After finding the line with "theorem shows that" in the data below, set down exactly each line through the one with "- repeat split; eexists; eassumption.", inclusive, and stop there.
WORKING DATA START
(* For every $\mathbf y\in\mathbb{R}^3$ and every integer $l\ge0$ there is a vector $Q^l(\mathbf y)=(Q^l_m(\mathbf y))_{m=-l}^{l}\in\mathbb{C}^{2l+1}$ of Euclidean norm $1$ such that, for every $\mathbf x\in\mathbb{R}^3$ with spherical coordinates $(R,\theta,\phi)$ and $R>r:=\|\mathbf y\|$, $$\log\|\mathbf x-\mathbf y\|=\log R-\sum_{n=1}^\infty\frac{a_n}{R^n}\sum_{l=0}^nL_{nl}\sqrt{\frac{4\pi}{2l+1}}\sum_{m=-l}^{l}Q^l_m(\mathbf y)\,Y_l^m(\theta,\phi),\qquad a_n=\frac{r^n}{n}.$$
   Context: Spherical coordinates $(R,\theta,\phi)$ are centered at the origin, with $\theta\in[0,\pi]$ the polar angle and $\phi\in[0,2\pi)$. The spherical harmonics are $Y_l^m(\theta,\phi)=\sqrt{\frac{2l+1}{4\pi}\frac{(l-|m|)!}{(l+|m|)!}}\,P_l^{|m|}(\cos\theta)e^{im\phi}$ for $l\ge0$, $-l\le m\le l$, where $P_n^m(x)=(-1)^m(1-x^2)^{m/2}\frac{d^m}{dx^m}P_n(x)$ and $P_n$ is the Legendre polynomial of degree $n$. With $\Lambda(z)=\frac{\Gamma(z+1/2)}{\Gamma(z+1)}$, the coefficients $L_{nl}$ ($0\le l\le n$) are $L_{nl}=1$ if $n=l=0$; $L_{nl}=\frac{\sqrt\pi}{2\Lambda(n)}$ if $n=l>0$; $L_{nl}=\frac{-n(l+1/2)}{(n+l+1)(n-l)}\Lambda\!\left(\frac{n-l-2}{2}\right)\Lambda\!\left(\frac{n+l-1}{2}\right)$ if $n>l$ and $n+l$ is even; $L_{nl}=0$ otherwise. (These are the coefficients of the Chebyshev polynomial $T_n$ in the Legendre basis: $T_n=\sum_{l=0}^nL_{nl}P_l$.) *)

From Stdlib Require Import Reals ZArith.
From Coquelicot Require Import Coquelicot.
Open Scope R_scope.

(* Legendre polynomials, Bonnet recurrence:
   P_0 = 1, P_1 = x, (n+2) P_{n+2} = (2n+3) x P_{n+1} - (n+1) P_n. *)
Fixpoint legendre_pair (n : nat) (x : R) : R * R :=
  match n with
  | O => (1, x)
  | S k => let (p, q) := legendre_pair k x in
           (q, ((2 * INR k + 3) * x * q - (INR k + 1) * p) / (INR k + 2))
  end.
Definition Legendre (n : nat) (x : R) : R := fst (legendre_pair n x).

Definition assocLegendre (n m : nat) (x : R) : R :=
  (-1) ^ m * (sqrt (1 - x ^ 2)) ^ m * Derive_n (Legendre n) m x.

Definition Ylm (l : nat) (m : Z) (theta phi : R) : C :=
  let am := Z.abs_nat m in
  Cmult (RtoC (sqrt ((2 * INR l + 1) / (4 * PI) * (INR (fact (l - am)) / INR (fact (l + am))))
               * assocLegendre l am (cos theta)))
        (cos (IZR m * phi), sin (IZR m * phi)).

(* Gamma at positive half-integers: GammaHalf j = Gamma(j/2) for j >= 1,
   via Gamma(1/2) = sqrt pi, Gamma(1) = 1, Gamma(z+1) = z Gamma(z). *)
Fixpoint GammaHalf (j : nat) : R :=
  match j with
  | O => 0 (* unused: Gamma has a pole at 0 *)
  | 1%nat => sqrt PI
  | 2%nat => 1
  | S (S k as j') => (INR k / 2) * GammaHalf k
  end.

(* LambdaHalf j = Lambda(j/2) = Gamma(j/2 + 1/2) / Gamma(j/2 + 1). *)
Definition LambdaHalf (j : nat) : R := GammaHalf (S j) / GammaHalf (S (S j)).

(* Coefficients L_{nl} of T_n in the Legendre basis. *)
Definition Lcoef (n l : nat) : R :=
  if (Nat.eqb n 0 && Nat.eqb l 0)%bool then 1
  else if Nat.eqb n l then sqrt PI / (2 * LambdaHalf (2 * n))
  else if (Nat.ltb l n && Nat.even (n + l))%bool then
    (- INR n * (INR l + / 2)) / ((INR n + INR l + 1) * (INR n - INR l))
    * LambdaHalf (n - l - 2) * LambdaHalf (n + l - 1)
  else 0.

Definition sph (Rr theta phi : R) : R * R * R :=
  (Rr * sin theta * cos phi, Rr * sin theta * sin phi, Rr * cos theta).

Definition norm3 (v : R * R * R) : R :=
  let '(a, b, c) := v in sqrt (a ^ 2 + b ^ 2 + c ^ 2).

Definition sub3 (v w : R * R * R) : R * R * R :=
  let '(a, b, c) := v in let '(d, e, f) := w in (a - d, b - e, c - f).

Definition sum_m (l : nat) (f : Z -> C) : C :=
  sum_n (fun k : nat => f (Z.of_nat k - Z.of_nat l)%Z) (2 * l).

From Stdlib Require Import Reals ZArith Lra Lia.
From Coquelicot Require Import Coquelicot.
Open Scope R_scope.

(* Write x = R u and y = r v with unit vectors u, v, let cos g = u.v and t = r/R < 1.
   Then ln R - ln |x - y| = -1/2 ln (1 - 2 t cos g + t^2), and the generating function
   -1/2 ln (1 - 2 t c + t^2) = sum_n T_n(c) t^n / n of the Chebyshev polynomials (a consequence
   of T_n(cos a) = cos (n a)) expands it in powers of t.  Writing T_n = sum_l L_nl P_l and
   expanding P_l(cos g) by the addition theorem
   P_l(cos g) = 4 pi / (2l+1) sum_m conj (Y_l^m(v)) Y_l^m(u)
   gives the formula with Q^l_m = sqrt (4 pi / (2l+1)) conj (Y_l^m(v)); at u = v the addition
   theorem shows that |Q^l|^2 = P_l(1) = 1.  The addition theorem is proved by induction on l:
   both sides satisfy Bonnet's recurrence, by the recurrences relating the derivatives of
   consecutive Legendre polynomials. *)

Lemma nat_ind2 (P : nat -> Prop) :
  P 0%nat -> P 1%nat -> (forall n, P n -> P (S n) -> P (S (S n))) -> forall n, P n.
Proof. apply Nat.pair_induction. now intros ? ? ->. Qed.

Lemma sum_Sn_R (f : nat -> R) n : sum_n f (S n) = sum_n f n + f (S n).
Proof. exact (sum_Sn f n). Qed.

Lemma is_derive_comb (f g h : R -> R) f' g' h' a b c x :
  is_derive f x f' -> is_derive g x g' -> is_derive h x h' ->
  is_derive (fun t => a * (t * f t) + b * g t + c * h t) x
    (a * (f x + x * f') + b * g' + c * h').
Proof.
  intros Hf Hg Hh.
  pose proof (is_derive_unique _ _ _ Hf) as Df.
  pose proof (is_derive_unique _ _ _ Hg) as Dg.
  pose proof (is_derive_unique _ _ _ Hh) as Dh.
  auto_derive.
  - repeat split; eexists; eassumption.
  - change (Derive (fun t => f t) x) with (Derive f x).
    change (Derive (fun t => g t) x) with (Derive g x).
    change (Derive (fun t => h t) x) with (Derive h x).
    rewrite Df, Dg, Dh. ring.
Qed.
WORKING DATA END
YOUR RESPONSE:
   theorem shows that |Q^l|^2 = P_l(1) = 1.  The addition theorem is proved by induction on l:
   both sides satisfy Bonnet's recurrence, by the recurrences relating the derivatives of
   consecutive Legendre polynomials. *)

Lemma nat_ind2 (P : nat -> Prop) :
  P 0%nat -> P 1%nat -> (forall n, P n -> P (S n) -> P (S (S n))) -> forall n, P n.
Proof. apply Nat.pair_induction. now intros ? ? ->. Qed.

Lemma sum_Sn_R (f : nat -> R) n : sum_n f (S n) = sum_n f n + f (S n).
Proof. exact (sum_Sn f n). Qed.

Lemma is_derive_comb (f g h : R -> R) f' g' h' a b c x :
  is_derive f x f' -> is_derive g x g' -> is_derive h x h' ->
  is_derive (fun t => a * (t * f t) + b * g t + c * h t) x
    (a * (f x + x * f') + b * g' + c * h').
Proof.
  intros Hf Hg Hh.
  pose proof (is_derive_unique _ _ _ Hf) as Df.
  pose proof (is_derive_unique _ _ _ Hg) as Dg.
  pose proof (is_derive_unique _ _ _ Hh) as Dh.
  auto_derive.
  - repeat split; eexists; eassumption.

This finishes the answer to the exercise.